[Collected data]

(* Let $p\geq 7$ be a prime and $q$ an odd prime with $q<p$. Let $X$ be a connected vertex-transitive graph of order $2pq$, let $G$ be a minimal transitive subgroup of $\mathrm{Aut}(X)$, and let $N$ be a nontrivial normal subgroup of $G$ whose orbits form a complete block system $\mathcal{B}$ of $G$ with blocks of size $r$, where $r\in\{2p,2q,pq\}$. Let $N_0$ be a minimal normal subgroup of $G$ whose orbits are the same blocks as those of $N$. If $N_0$ acts unfaithfully on some block of $\mathcal{B}$, then for any two blocks $A,B\in\mathcal{B}$ that are adjacent in the quotient graph $X_{\mathcal{B}}$, the bipartite subgraph $X[A,B]$ is isomorphic to $K_{r,r}$; consequently $X$ contains a Hamilton cycle.
   Context: A transitive subgroup $G$ of $\mathrm{Aut}(X)$ is minimal transitive if no proper subgroup of $G$ is transitive on $V(X)$. The quotient graph $X_{\mathcal{B}}$ has vertex set $\mathcal{B}$, two blocks being adjacent if some vertex of one is adjacent in $X$ to some vertex of the other. For disjoint $A,B\subseteq V(X)$, $X[A,B]$ is the bipartite subgraph with parts $A,B$ consisting of all edges of $X$ between $A$ and $B$. $N_0$ acts unfaithfully on a block $A$ if some nonidentity element of $N_0$ fixes every vertex of $A$. *)

From mathcomp Require Import all_boot all_fingroup all_solvable.
Set Implicit Arguments. Unset Strict Implicit. Unset Printing Implicit Defensive.


Definition simple_graph (T : finType) (e : rel T) : Prop :=
  symmetric e /\ irreflexive e.

Definition autg (T : finType) (e : rel T) : {set {perm T}} :=
  [set g : {perm T} | [forall x, [forall y, e (g x) (g y) == e x y]]].

Definition connected_graph (T : finType) (e : rel T) : Prop :=
  forall x y : T, connect e x y.

Definition vertex_transitive (T : finType) (e : rel T) : Prop :=
  [transitive autg e, on [set: T] | 'P].

Definition minimal_transitive (T : finType) (e : rel T) (G : {group {perm T}}) : Prop :=
  [/\ G \subset autg e, [transitive G, on [set: T] | 'P] &
      forall H : {group {perm T}}, H \proper G -> ~~ [transitive H, on [set: T] | 'P]].

Definition orbit_blocks (T : finType) (N : {group {perm T}}) : {set {set T}} :=
  [set orbit 'P N x | x : T].

Definition hamiltonian (T : finType) (e : rel T) : Prop :=
  exists s : seq T, [/\ uniq s, size s = #|T| & path.cycle e s].

From mathcomp Require Import all_boot all_fingroup all_solvable.
Set Implicit Arguments. Unset Strict Implicit. Unset Printing Implicit Defensive.

(* Since its orbits have size l1*l2 for two distinct primes l1 < l2, the minimal normal
   subgroup N0 of G is nonabelian; it is generated by the G-conjugates of a minimal normal
   subgroup M of N0, which are nonsolvable and commute pairwise.  On a block at most one
   conjugate of M acts nontrivially: two commuting faithful nonsolvable components would
   both have orbits of size l2, one would then preserve the orbits of the other, and a
   semiregular group of order dividing l1*l2 is solvable.  The blocks on which a fixed
   conjugate acts nontrivially form a block of imprimitivity of G acting on the prime
   number of blocks; since N0 is unfaithful on some block, each such set is a single
   block.  Hence the pointwise stabiliser in N0 of a block A is transitive on every other
   block B, so X[A,B] is complete as soon as it has an edge.  Finally an element of G of
   prime-power order permutes the blocks cyclically with consecutive blocks adjacent,
   which threads a Hamilton cycle through them. *)

Import GroupScope.
Lemma has_leading_coeff_add (d : nat) : forall c c' g g',
  has_leading_coeff d c g -> has_leading_coeff d c' g' ->
  has_leading_coeff d (c + c') (fun n => g n + g' n).
Proof.
  induction d as [|d IHd]; intros c c' g g' Hg Hg'.
  - intro n. rewrite Hg, Hg'. reflexivity.
  - intro h. eapply has_leading_coeff_ext; [| |apply (IHd _ _ _ _ (Hg h) (Hg' h))].
    + ring.
    + intro n. simpl. ring.
Qed.

Lemma has_leading_coeff_scale (d : nat) : forall b c g,
  has_leading_coeff d c g -> has_leading_coeff d (b * c) (fun n => b * g n).
Proof.
  induction d as [|d IHd]; intros b c g Hg.
  - intro n. rewrite Hg. reflexivity.
  - intro h. eapply has_leading_coeff_ext; [| |apply (IHd b _ _ (Hg h))].
    + ring.
    + intro n. simpl. ring.
Qed.

Lemma has_leading_coeff_shift (d : nat) : forall m c g,
  has_leading_coeff d c g -> has_leading_coeff d c (fun n => g (n + m)%nat).
Proof.
  induction d as [|d IHd]; intros m c g Hg.
  - intro n. apply Hg.
  - intro h. eapply has_leading_coeff_ext; [reflexivity| |apply (IHd m _ _ (Hg h))].
    intro n. simpl. replace (n + m + h)%nat with (n + h + m)%nat by lia. reflexivity.
Qed.

(* Multiplying by n raises the degree by one and keeps the leading coefficient:
   Delta_h (n g n) = n Delta_h g n + h g (n + h). *)
Lemma has_leading_coeff_mul_id (d : nat) : forall c g,
  has_leading_coeff d c g -> has_leading_coeff (S d) c (fun n => INR n * g n).
Proof.
  induction d as [|d IHd]; intros c g Hg.
  - intros h n. simpl in Hg. rewrite !Hg, plus_INR. simpl. ring.
  - intro h.
    pose proof (has_leading_coeff_add _ _ _ _ _ (IHd _ _ (Hg h))
      (has_leading_coeff_scale _ (INR h) _ _ (has_leading_coeff_shift (S d) h _ _ Hg))) as Hsum.
    eapply has_leading_coeff_ext; [| |apply Hsum].
    + rewrite (S_INR (S d)). ring.
    + intro n. simpl. rewrite plus_INR. ring.
Qed.

Lemma has_leading_coeff_monomial (k : nat) : has_leading_coeff k 1 (fun n => INR n ^ k).
Proof.
  induction k as [|k IHk].
  - intro n. reflexivity.
  - exact (has_leading_coeff_mul_id _ _ _ IHk).
Qed.

(* Each difference
   Delta_h g (1 <= h <= H) is 2 delta-close to Z on [0, (d-1)H] and has
   leading coefficient h times that of g, so induction gives
   ||h (c d!)|| <= 2^d delta / H^(d-1), and we conclude with
   [nint_dist_of_small_multiples]. *)
Lemma leading_coeff_nint_dist (d : nat) : forall (c : R) (g : nat -> R) (delta : R) (H : nat),
  has_leading_coeff d c g -> (1 <= H)%nat -> 2 ^ d * delta < 1/4 ->
  (forall n, (n <= d * H)%nat -> nint_dist (g n) <= delta) ->
  nint_dist (c * INR (fact d)) <= 2 ^ d * delta / INR H ^ d.
Proof.
  induction d as [|d IHd]; intros c g delta H Hlead HH Hsmall Hclose.
  - simpl. replace (1 * delta / 1) with delta by field.
    rewrite Rmult_1_r, <- (Hlead 0%nat). apply Hclose. lia.
  - assert (Hdelta : 0 <= delta).
    { eapply Rle_trans; [apply nint_dist_nonneg|apply (Hclose 0%nat); lia]. }
    assert (HHpos : 0 < INR H) by (apply lt_0_INR; lia).
    assert (HHd : 1 <= INR H ^ d) by (apply pow_R1_Rle, (le_INR 1); lia).
    assert (H2d : 0 < 2 ^ d) by (apply pow_lt; lra).
    simpl in Hsmall.
    apply Rle_trans with ((2 ^ d * (2 * delta) / INR H ^ d) / INR H).
    + apply nint_dist_of_small_multiples; [exact HH| |].
      * apply Rle_lt_trans with (2 ^ d * (2 * delta)); [|lra].
        assert (Hnum : 0 <= 2 ^ d * (2 * delta)) by nra.
        apply Rmult_le_reg_r with (INR H ^ d); [lra|].
        unfold Rdiv. rewrite Rmult_assoc, Rinv_l, Rmult_1_r by lra. nra.
      * intros h Hh.
        replace (INR h * (c * INR (fact (S d))))
          with (c * INR (S d) * INR h * INR (fact d))
          by (rewrite fact_simpl, mult_INR; ring).
        apply (IHd _ _ _ H (Hlead h) HH); [lra|].
        intros n Hn. eapply Rle_trans; [apply nint_dist_sub|].
        pose proof (Hclose (n + h)%nat ltac:(simpl; lia)).
        pose proof (Hclose n ltac:(simpl; lia)). lra.
    + right. simpl. field. lra.
Qed.

Lemma pow_succ_increment (d n q : nat) :
  exists z, ((n + q) ^ S d = n ^ S d + q * z /\ z <= S d * (n + q) ^ d)%nat.
Proof.
  induction d as [|d [z [Hz Hzb]]].
  - exists 1%nat. simpl. lia.
  - exists (n ^ S d + (n + q) * z)%nat. split.
    + rewrite (Nat.pow_succ_r' (n + q)), (Nat.pow_succ_r' n (S d)), Hz. ring.
    + assert (Hmono : (n ^ S d <= (n + q) ^ S d)%nat) by (apply Nat.pow_le_mono_l; lia).
      rewrite (Nat.pow_succ_r' (n + q) d) in Hmono |- *. nia.
Qed.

▶ [REQUIRED ACTION]
Reproduce, with no other lines, the one containing "- exists (n" and all lines after it through the end of the data above.

▶ [REPLY]
  - exists (n ^ S d + (n + q) * z)%nat. split.
    + rewrite (Nat.pow_succ_r' (n + q)), (Nat.pow_succ_r' n (S d)), Hz. ring.
    + assert (Hmono : (n ^ S d <= (n + q) ^ S d)%nat) by (apply Nat.pow_le_mono_l; lia).
      rewrite (Nat.pow_succ_r' (n + q) d) in Hmono |- *. nia.
Qed.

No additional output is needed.